Earth Day at Washington Park Arboretum
Annual Earth Day celebration combining hands-on conservation volunteering with public education — set among 230 acres of spring bloom, including Pacific dogwood and the famous Azalea Way.
About the event
The Arboretum Foundation hosts this annual Earth Day event at Washington Park Arboretum, one of Seattle's most important urban green spaces. The 230-acre arboretum — managed jointly by the University of Washington Botanic Gardens and the City of Seattle — holds one of the Pacific Northwest's finest living collections of trees and shrubs, and late April is its peak season.
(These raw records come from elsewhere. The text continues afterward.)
Lemma braid_spectrum_of_rel :
  (forall a, eigenvalue Y a -> a <= 1) ->
  braid_poly c Y = 0 -> c *: Y <> 1%:M -> Y <> 1%:M ->
  1 < c /\ (forall a, eigenvalue Y a <-> a = 1 \/ a = c^-1).
Proof.
move=> le1 gY cY_neq1 Y_neq1.
have spec a : eigenvalue Y a -> a = 1 \/ a = c^-1.
  case/eigenvalueP => v vY vnz; move: (braid_poly_eigen c vY).
  rewrite gY mulmx0 => /esym/eqP; rewrite scaler_eq0 (negbTE vnz) orbF.
  rewrite mulf_eq0 !subr_eq0 => /orP[/eqP-> | /eqP ca1]; [by left | right].
  by rewrite -[a](mulKf c_neq0) ca1 mulr1.
have ev1 : eigenvalue Y 1.
  apply: (eigenvalue_mulmx_eq0 (B := c *: Y - 1%:M)); last by rewrite -braid_polyC.
  by apply: contra_not_neq cY_neq1 => /eqP; rewrite subr_eq0 => /eqP.
have evc : eigenvalue Y c^-1.
  apply: (eigenvalue_mulmx_eq0 (B := Y - 1%:M)).
    by apply: contra_not_neq Y_neq1 => /eqP; rewrite subr_eq0 => /eqP.
  by move/eqP: gY; rewrite braid_polyE // scaler_eq0 (negbTE c_neq0) => /eqP.
split; last by move=> a; split=> [/spec // | [] ->].
have c_ge1 : 1 <= c by rewrite -invf_le1 // le1.
rewrite lt_def c_ge1 andbT; apply/eqP => c1; apply: Y_neq1; apply/eqP.
rewrite -subr_eq0; apply/eqP/(hermitian_nilpotent (e := 1)).
  by rewrite adjB adj1 hY.
by move: gY; rewrite /braid_poly c1 scale1r expr2 mulmxE.
Qed.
Each year's event is organized around a different ecological theme. The 2025 theme was "Powerful Pollinators," with programming centered on bee hotels, native plant gardens, and the arboretum's "no mow meadow" zones that support birds and beneficial insects. The event typically runs 9 a.m.–1 p.m. on the Saturday nearest April 22.
What to expect
Visitors can join a guided volunteer work crew removing invasive plants from arboretum collections (pre-registration required, ages 15+), build a pollinator hotel to take home, visit the UW Botanic Gardens discovery cart for hands-on activities, and speak with Master Gardeners about creating pollinator-friendly home gardens.
The arboretum itself is reason enough to visit in late April — Azalea Way is typically approaching peak bloom, the cherry collection is often still showing color, and Pacific dogwood trees flower throughout the forest collections. The event is just one more reason to be there.